**Listed records:**
-- Opening Marker --

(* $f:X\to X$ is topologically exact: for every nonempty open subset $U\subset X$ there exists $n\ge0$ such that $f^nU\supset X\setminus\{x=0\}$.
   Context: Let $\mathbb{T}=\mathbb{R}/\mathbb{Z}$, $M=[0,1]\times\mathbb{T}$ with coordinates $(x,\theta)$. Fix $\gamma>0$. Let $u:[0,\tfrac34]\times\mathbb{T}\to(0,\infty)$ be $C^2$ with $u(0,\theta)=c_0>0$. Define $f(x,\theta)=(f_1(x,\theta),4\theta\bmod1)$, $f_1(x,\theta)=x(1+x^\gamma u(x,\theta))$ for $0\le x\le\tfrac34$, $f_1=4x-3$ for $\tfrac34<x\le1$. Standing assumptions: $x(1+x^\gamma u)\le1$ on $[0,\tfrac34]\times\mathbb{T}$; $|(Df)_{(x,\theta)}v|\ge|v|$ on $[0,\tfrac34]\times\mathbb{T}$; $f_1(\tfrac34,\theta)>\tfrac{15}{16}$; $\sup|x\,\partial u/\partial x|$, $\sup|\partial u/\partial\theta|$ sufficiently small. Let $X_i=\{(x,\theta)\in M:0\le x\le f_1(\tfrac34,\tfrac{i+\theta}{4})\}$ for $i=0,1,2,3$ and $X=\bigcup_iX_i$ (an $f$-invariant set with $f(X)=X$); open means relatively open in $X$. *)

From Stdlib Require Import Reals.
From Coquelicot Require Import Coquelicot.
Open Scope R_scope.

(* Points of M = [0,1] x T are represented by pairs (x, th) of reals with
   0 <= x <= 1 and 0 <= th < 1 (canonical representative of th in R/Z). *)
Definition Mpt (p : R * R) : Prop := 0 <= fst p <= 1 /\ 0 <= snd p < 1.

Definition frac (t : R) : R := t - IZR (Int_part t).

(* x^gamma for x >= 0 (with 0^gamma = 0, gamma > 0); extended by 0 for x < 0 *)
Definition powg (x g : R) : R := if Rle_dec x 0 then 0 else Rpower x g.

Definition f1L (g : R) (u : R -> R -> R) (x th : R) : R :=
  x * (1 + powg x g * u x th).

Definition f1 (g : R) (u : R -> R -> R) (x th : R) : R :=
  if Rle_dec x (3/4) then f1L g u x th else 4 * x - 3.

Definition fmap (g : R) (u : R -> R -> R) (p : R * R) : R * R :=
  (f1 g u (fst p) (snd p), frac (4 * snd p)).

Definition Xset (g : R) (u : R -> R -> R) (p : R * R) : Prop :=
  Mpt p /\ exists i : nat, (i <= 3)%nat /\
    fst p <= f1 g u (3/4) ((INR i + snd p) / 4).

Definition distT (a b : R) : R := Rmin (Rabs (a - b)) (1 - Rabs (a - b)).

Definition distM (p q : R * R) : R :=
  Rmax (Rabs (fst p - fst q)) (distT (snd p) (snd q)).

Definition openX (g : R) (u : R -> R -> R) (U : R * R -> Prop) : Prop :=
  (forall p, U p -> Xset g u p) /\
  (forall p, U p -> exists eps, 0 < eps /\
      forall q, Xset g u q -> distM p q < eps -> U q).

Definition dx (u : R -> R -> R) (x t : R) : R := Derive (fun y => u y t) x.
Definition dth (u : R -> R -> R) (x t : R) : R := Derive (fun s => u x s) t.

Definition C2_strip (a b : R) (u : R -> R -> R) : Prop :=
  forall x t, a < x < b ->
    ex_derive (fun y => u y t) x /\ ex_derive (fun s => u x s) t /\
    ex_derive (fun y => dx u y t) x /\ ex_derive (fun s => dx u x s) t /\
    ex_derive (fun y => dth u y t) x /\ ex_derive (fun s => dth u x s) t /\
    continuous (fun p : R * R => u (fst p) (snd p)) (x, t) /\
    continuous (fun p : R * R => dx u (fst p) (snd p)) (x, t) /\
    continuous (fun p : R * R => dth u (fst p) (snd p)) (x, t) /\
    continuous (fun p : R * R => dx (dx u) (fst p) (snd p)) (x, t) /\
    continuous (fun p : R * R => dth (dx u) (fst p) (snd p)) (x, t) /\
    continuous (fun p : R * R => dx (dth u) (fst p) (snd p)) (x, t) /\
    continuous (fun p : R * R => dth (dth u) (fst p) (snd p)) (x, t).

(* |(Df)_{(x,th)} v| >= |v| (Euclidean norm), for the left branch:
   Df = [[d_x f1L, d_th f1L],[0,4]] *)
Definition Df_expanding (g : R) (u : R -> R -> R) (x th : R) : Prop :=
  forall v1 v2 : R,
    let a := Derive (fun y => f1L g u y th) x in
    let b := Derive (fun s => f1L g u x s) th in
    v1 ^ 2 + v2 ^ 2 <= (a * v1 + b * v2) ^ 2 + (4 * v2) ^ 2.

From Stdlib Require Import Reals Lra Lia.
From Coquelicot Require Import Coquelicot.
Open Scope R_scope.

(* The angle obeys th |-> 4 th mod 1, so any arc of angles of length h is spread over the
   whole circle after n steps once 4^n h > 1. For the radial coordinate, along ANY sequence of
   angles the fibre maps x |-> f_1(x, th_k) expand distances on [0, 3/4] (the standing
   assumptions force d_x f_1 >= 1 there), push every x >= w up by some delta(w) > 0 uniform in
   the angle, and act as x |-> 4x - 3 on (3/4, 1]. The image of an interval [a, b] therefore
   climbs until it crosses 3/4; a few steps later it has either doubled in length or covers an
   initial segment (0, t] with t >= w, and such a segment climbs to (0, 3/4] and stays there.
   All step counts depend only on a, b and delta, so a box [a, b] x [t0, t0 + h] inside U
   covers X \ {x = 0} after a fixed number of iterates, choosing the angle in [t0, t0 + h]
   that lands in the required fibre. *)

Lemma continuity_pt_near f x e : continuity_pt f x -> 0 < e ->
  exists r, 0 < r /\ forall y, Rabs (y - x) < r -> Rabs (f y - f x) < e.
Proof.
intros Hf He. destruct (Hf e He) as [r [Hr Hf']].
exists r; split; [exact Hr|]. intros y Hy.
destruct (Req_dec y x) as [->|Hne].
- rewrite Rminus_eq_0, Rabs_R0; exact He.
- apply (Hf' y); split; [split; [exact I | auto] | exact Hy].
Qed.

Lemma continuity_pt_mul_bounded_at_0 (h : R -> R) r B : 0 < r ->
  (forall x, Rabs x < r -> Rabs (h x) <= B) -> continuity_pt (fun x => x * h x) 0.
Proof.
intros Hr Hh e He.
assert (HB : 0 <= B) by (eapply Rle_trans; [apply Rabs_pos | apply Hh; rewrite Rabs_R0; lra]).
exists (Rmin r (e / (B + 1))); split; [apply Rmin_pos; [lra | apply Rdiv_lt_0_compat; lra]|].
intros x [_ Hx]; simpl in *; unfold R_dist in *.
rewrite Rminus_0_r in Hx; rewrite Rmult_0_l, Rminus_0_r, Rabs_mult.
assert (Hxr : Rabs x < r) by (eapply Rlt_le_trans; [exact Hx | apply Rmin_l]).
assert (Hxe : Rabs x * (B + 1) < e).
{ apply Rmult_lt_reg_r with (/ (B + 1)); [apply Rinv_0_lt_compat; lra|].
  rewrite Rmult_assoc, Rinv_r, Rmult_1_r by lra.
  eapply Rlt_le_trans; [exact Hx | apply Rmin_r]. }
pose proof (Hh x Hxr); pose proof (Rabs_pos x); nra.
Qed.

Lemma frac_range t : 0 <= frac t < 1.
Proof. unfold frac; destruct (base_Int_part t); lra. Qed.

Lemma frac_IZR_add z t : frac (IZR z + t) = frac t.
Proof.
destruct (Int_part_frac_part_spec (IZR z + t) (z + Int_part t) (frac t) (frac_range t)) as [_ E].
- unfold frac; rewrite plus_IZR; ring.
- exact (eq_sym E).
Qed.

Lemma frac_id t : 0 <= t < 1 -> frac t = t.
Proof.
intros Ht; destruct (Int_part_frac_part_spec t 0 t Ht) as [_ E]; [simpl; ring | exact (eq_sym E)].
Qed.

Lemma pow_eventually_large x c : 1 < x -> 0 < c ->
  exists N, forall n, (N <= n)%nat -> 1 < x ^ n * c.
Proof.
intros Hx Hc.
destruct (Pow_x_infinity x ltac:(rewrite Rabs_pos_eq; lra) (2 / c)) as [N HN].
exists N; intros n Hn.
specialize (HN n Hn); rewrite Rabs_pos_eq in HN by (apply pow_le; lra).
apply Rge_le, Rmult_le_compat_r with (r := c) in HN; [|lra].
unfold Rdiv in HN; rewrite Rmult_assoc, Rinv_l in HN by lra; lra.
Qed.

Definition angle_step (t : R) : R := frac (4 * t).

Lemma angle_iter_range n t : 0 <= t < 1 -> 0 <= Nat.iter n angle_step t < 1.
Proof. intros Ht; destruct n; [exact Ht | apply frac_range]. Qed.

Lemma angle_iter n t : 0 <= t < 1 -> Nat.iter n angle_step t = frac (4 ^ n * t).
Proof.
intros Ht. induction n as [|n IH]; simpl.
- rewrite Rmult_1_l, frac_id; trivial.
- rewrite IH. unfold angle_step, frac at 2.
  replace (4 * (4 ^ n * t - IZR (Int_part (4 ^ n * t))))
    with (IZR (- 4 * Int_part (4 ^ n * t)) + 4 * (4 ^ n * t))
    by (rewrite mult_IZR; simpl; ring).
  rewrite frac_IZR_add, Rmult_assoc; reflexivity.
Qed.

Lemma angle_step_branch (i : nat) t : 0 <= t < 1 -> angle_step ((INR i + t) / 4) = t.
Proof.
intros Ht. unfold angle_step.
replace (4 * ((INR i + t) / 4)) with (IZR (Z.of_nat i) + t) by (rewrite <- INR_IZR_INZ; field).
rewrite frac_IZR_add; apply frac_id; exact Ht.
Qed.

-- Closing Marker --

Copy out only the lines above from the one with "Definition openX (g" to the one with "(Euclidean norm), for", inclusive, exactly as they stand.

Definition openX (g : R) (u : R -> R -> R) (U : R * R -> Prop) : Prop :=
  (forall p, U p -> Xset g u p) /\
  (forall p, U p -> exists eps, 0 < eps /\
      forall q, Xset g u q -> distM p q < eps -> U q).

Definition dx (u : R -> R -> R) (x t : R) : R := Derive (fun y => u y t) x.
Definition dth (u : R -> R -> R) (x t : R) : R := Derive (fun s => u x s) t.

Definition C2_strip (a b : R) (u : R -> R -> R) : Prop :=
  forall x t, a < x < b ->
    ex_derive (fun y => u y t) x /\ ex_derive (fun s => u x s) t /\
    ex_derive (fun y => dx u y t) x /\ ex_derive (fun s => dx u x s) t /\
    ex_derive (fun y => dth u y t) x /\ ex_derive (fun s => dth u x s) t /\
    continuous (fun p : R * R => u (fst p) (snd p)) (x, t) /\
    continuous (fun p : R * R => dx u (fst p) (snd p)) (x, t) /\
    continuous (fun p : R * R => dth u (fst p) (snd p)) (x, t) /\
    continuous (fun p : R * R => dx (dx u) (fst p) (snd p)) (x, t) /\
    continuous (fun p : R * R => dth (dx u) (fst p) (snd p)) (x, t) /\
    continuous (fun p : R * R => dx (dth u) (fst p) (snd p)) (x, t) /\
    continuous (fun p : R * R => dth (dth u) (fst p) (snd p)) (x, t).

(* |(Df)_{(x,th)} v| >= |v| (Euclidean norm), for the left branch:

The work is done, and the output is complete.